Welcome to HauntForum MikeS!


----------



## jdubbya (Nov 6, 2005)

Welcome Mike! You'll like it here!


----------



## hedg12 (Jul 6, 2008)

Hi Mike, and welcome!


----------



## RoxyBlue (Oct 6, 2008)

Welcome to the Forum, Mike. There's always room for one more here.


----------



## Wyatt Furr (Jun 5, 2006)

Howdy and Welcome


----------



## sharpobject (May 7, 2008)

Hi and welcome !!!


----------



## Spooky1 (Aug 25, 2008)

Welcome to the forum Mike


----------



## Fiend4Halloween (Aug 28, 2008)

Scaring kids, love it!! Hello and welcome to a great forum!!


----------



## Dixie (Feb 18, 2009)

Welcome to Haunt Forum, Mike... get your wife to join the forum with you, and see if that will get her in the "spirit" !!!

Glad you are here!


----------



## Joiseygal (Sep 3, 2008)

Hey MikeS welcome!


----------



## ghubertu (Apr 10, 2009)

Hi Mike, you'll love it on here!


----------



## pyro (Oct 7, 2006)

welcome


----------



## scareme (Aug 29, 2006)

Hi and welcome to the forum.

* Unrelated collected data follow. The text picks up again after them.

Lemma dvdz_sum_halfm (s : seq (bool * nat)) :
  all (fun p => p.2 <= m) s -> (\sum_(p <- s) signz p.1 (Posz p.2) = 0)%R ->
  (Posz m %| (\sum_(p <- s) signz p.1 (halfm p.2))%R)%Z.
Proof.
move=> /allP s_le_m sum0.
rewrite -(@Gauss_dvdzl _ _ 2); last by rewrite coprimezE /= coprimen2 m_odd.
have -> : ((\sum_(p <- s) signz p.1 (halfm p.2)) * 2 =
           \sum_(p <- s) signz p.1 (Posz p.2)
           - (\sum_(p <- s) signz p.1 (Posz (odd p.2))) * Posz m)%R.
  rewrite mulr_suml big_seq [X in (_ = X - _)%R]big_seq [X in (_ = _ - X * _)%R]big_seq.
  rewrite mulr_suml -sumrB; apply: eq_bigr => p /s_le_m le_pm.
  by case: p.1; rewrite /signz ?mulNr halfmE //; ring.
by rewrite sum0 sub0r rpredN dvdz_mull.
Qed.

Lemma dvdz_halfm5 (n1 n2 n3 n4 n5 : bool) (W1 W2 W3 W4 W5 : nat) :
  W1 <= m -> W2 <= m -> W3 <= m -> W4 <= m -> W5 <= m ->
  (signz n1 W1 + signz n2 W2 + signz n3 W3 + signz n4 W4 + signz n5 W5 = 0)%R ->
  (Posz m %| (signz n1 (halfm W1) + signz n2 (halfm W2) + signz n3 (halfm W3)
               + signz n4 (halfm W4) + signz n5 (halfm W5))%R)%Z.
Proof.
move=> le1 le2 le3 le4 le5 sum0.
have := dvdz_sum_halfm (s := [:: (n1, W1); (n2, W2); (n3, W3); (n4, W4); (n5, W5)]).
rewrite !big_cons !big_nil /= !addr0 !addrA le1 le2 le3 le4 le5; exact.
Qed.

End HalvesModOdd.

Definition diag {n : nat} (n_gt0 : 0 < n) (i j : 'I_n) : 'I_n :=
  Ordinal (ltn_pmod (j + n - i) n_gt0).

Lemma diag_injr {n : nat} (n_gt0 : 0 < n) (i : 'I_n) : injective (diag n_gt0 i).
Proof.
move=> j1 j2 /(congr1 val) /= /eqP; have lt_i_n := ltn_ord i.
have [-> ->] : j1 + n - i = j1 + (n - i) /\ j2 + n - i = j2 + (n - i) by lia.
by rewrite eqn_modDr !modn_small // => /eqP /val_inj.
Qed.

Lemma diagK {n : nat} (n_gt0 : 0 < n) (j : 'I_n) : involutive (diag n_gt0 ^~ j).
Proof.
move=> i; apply: val_inj => /=; set u := (j + n - i) %% n.
have [lt_i_n lt_j_n] := (ltn_ord i, ltn_ord j); have lt_u_n : u < n by rewrite ltn_pmod.
have : (j + n - u + u) %% n == (i + u) %% n.
  rewrite (_ : j + n - u + u = j + n); last by lia.
  by rewrite /u modnDmr; apply/eqP; congr (_ %% _); lia.
by rewrite eqn_modDr => /eqP ->; rewrite modn_small.
Qed.

Lemma diag_injl {n : nat} (n_gt0 : 0 < n) (j : 'I_n) : injective (diag n_gt0 ^~ j).
Proof. exact: inv_inj (@diagK _ n_gt0 j). Qed.

Lemma divmod_inj {d q1 r1 q2 r2 : nat} : r1 < d -> r2 < d ->
  q1 * d + r1 = q2 * d + r2 -> q1 = q2 /\ r1 = r2.
Proof.
by move=> lt_r1 lt_r2 eq_qr; have := edivn_eq q1 lt_r1; rewrite eq_qr edivn_eq // => -[].
Qed.

Lemma odd_modn_inj (h a b : nat) : odd h -> a < 2 * h -> b < 2 * h ->
  odd a = odd b -> a %% h = b %% h -> a = b.
Proof.
move=> odd_h lt_a lt_b odd_ab mod_ab.
have : a == b %[mod 2 * h] by rewrite chinese_remainder ?coprime2n // !modn2 odd_ab mod_ab !eqxx.
by rewrite !modn_small // => /eqP.
Qed.

Lemma card_fiber_inj (T : finType) (F : {set T}) (f : T -> nat) (x : nat) :
  {in F &, injective f} -> (forall a, a \in F -> 0 < f a <= #|F|) -> 0 < x <= #|F| ->
  #|[set a in F | f a == x]| = 1.
Proof.
move=> f_inj f_range x_range; set s := [seq f a | a <- enum F].
have s_uniq : uniq s.
  by rewrite map_inj_in_uniq ?enum_uniq // => a b; rewrite !mem_enum; exact: f_inj.
have s_sub : {subset s <= iota 1 #|F|}.
  by move=> y /mapP[a]; rewrite mem_enum mem_iota => /f_range ? ->; lia.
have size_s : size (iota 1 #|F|) <= size s by rewrite size_iota size_map cardE.
have [_ s_iota] := uniq_min_size s_uniq s_sub size_s.
have /mapP[a Fa fa] : x \in s by rewrite s_iota mem_iota; lia.
rewrite mem_enum in Fa; rewrite -(cards1 a); apply: eq_card => b; rewrite !inE.
apply/andP/eqP => [[Fb /eqP fb] | ->]; last by rewrite Fa -fa.
by apply: f_inj; rewrite // fb.
Qed.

You'll find alot of ideas here.


----------



## spideranne (Jul 17, 2006)

Welcome!


----------



## Devils Chariot (May 23, 2007)

I hope you like it here Mike. IMHO this the best forum for haunters. Good people and a great color scheme (not just gray like all those other forums).


----------



## Vlad (Aug 2, 2005)

Welcome to the forum Mike


----------



## IMU (Apr 8, 2009)

Hiya & Welcome!


----------



## HauntCast (Jul 25, 2008)

Good to have you at Haunt Forum. Mix and mingle nicely with the rest of the inmates


----------